#### Exercise description
Filter the material, keeping only lines with the word "Hcoef".

#### Entries provided
═══

Lemma theta_partial_sums_cvg q x : 0 < q < 1 -> x <> RtoC 0 ->
  forall eps, 0 < eps -> exists N, forall n, (N <= n)%nat ->
  Cmod (csum (theta_term q x) (S n) - theta q x)%C < eps.
Proof.
  intros Hq Hx eps Heps.
  assert (Hr : 0 < Cmod x) by (apply Cmod_gt_0; exact Hx).
  assert (Hcomp : forall p : C -> R, (forall z, Rabs (p z) <= Cmod z) ->
            exists N, forall n, (N <= n)%nat ->
            Rabs (rsum (fun j => p (theta_term q x j)) (S n)
                  - Series (fun j => p (theta_term q x j))) < eps / 2).
  { intros p Hp.
    assert (Hex : ex_series (fun j => p (theta_term q x j))).
    { apply (@ex_series_le R_AbsRing R_CompleteNormedModule _ (fun j => q ^ binom2 j * Cmod x ^ j));
        [|exact (ex_series_theta_majorant q (Cmod x) Hq Hr)].
      intros j; eapply Rle_trans; [apply Hp | apply Cmod_theta_term_le; lra]. }
    assert (Hcvg : is_lim_seq (sum_n (fun j => p (theta_term q x j)))
                              (Series (fun j => p (theta_term q x j))))
      by exact (Series_correct _ Hex).
    apply is_lim_seq_spec in Hcvg; destruct (Hcvg (mkposreal (eps / 2) ltac:(lra))) as [N HN].
    exists N; intros n Hn; rewrite rsum_sum_n; exact (HN n Hn). }
  destruct (Hcomp Re) as [N1 H1]; [intros z; eapply Rle_trans; [apply Rmax_l | apply Rmax_Cmod]|].
  destruct (Hcomp Im) as [N2 H2]; [intros z; eapply Rle_trans; [apply Rmax_r | apply Rmax_Cmod]|].
  exists (N1 + N2)%nat; intros n Hn.
  specialize (H1 n ltac:(lia)); specialize (H2 n ltac:(lia)).
  eapply Rle_lt_trans; [apply Cmod_le_Re_Im|].
  change (Re (?a - ?b)%C) with (Re a - Re b); change (Im (?a - ?b)%C) with (Im a - Im b).
  rewrite Re_csum, Im_csum; unfold theta, Re, Im in *; cbn [fst snd].
  lra.
Qed.

Lemma pow_eventually_small (q C eps : R) :
  0 <= q < 1 -> 0 < eps -> exists N, forall n, (N <= n)%nat -> C * q ^ n < eps.
Proof.
  intros Hq Heps.
  destruct (pow_lt_1_zero q ltac:(rewrite Rabs_pos_eq; lra) (eps / (Rabs C + 1)))
    as [N HN]; [apply Rdiv_lt_0_compat; pose proof (Rabs_pos C); lra|].
  exists N; intros n Hn; specialize (HN n Hn).
  pose proof (Rabs_pos C); pose proof (Rle_abs C).
  assert (0 <= q ^ n) by (apply pow_le; lra).
  rewrite Rabs_pos_eq in HN by lra.
  apply (Rmult_lt_compat_l (Rabs C + 1)) in HN; [|lra].
  replace ((Rabs C + 1) * (eps / (Rabs C + 1))) with eps in HN by (field; lra).
  nra.
Qed.

Section TripleProductLimit.

Variables (q : R) (x : C).
Hypothesis Hq : 0 < q < 1.
Hypothesis Hx : x <> 0.

(* [1 - tp_coef q n j <= K q^(n-j)] and [q^(n-j) q^(j(j+1)/2) = q^n q^(j(j-1)/2)], so the
   error is [q^n] times a partial sum of the convergent series [sum q^(j(j-1)/2) |x|^j]. *)
Lemma tp_pos_error : exists K, forall n,
  Cmod (tp_pos q x n - csum (theta_term q x) (S n))%C <= K * q ^ n.
Proof.
  destruct (theta_majorant_bounded q (Cmod x) Hq (proj1 (Cmod_gt_0 x) Hx)) as [B HB].
  exists (2 / (1 - q) * B); intros n; unfold tp_pos.
  rewrite (big_ext (fun j => RtoC (tp_coef q n j * q ^ binom2 (S j)) * x ^ j)%C
                   (fun j => RtoC (tp_coef q n j) * theta_term q x j)%C)
    by (intros; rewrite theta_term_eq, RtoC_mult; simpl; ring).
  eapply Rle_trans; [apply weighted_csum_error; intros; apply tp_coef_bounds; lra || lia|].
  apply Rle_trans with (rsum (fun j => 2 / (1 - q) * q ^ n * (q ^ binom2 j * Cmod x ^ j)) (S n)).
  - apply rsum_le; intros j Hj.
    destruct (tp_coef_bounds q n j ltac:(lra) ltac:(lia)) as [_ Hcoef].
    rewrite theta_term_eq, Cmod_mult, Cmod_R, Cmod_pow, Rabs_pos_eq by (apply pow_le; lra).
    replace (2 / (1 - q) * q ^ n * (q ^ binom2 j * Cmod x ^ j))
      with (2 / (1 - q) * q ^ (n - j) * (q ^ binom2 (S j) * Cmod x ^ j)).
    + apply Rmult_le_compat_r; [|exact Hcoef].
      apply Rmult_le_pos; apply pow_le; [lra | apply Cmod_ge_0].
    + simpl binom2; rewrite !pow_add.
      replace (q ^ n) with (q ^ (n - j) * q ^ j) by (rewrite <- pow_add; f_equal; lia).
      ring.
  - rewrite <- (big_morph Rplus 0 Rplus 0 (Rmult (2 / (1 - q) * q ^ n))) by (intros; ring).
    specialize (HB (S n)).
    assert (0 <= 2 / (1 - q) * q ^ n)
      by (apply Rmult_le_pos; [apply Rlt_le, Rdiv_lt_0_compat | apply pow_le]; lra).
    nra.
Qed.

Lemma tp_neg_error : exists K, forall n,
  Cmod (tp_neg q x n - tp_tail q x n)%C <= K * q ^ n.
Proof.
  set (rho := Cmod (/ x)%C).
  assert (Hrho : 0 < rho)
    by (unfold rho; rewrite Cmod_inv by exact Hx; apply Rinv_0_lt_compat, Cmod_gt_0, Hx).
  destruct (theta_majorant_bounded q rho Hq Hrho) as [B HB].
  set (K := 2 / (1 - q) / q * rho).
  assert (HK : 0 <= K) by (apply Rmult_le_pos; [apply Rlt_le, Rdiv_lt_0_compat;
                             [apply Rdiv_lt_0_compat|]|]; lra).
  exists (K * B); intros n; unfold tp_neg, tp_tail.
  rewrite (big_ext (fun j => RtoC (tp_coef q n (S j) * q ^ binom2 (S j)) * (/ x) ^ S j)%C
                   (fun j => RtoC (tp_coef q n (S j)) * (RtoC (q ^ binom2 (S j)) * (/ x) ^ S j))%C)
    by (intros; rewrite RtoC_mult; ring).
  eapply Rle_trans; [apply weighted_csum_error; intros; apply tp_coef_bounds; lra || lia|].
  apply Rle_trans with (rsum (fun j => K * q ^ n * (q ^ binom2 j * rho ^ j)) n).
  - apply rsum_le; intros j Hj.
    destruct (tp_coef_bounds q n (S j) ltac:(lra) ltac:(lia)) as [_ Hcoef].
    rewrite Cmod_mult, Cmod_R, Cmod_pow, Rabs_pos_eq by (apply pow_le; lra); fold rho.
    replace (K * q ^ n * (q ^ binom2 j * rho ^ j))
      with (2 / (1 - q) * q ^ (n - S j) * (q ^ binom2 (S j) * rho ^ S j)).
    + apply Rmult_le_compat_r; [|exact Hcoef].
      apply Rmult_le_pos; apply pow_le; lra.
    + assert (Hn : q ^ n = q ^ (n - S j) * q ^ j * q).
      { replace n with (n - S j + j + 1)%nat at 1 by lia; rewrite !pow_add; simpl; ring. }
      unfold K; rewrite Hn; simpl binom2; simpl pow; rewrite pow_add.
      field; lra.
  - rewrite <- (big_morph Rplus 0 Rplus 0 (Rmult (K * q ^ n))) by (intros; ring).
    specialize (HB n).
    assert (0 <= K * q ^ n) by (apply Rmult_le_pos; [|apply pow_le]; lra).
    nra.
Qed.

═══

#### Written solution
    destruct (tp_coef_bounds q n j ltac:(lra) ltac:(lia)) as [_ Hcoef].
    + apply Rmult_le_compat_r; [|exact Hcoef].
    destruct (tp_coef_bounds q n (S j) ltac:(lra) ltac:(lia)) as [_ Hcoef].
    + apply Rmult_le_compat_r; [|exact Hcoef].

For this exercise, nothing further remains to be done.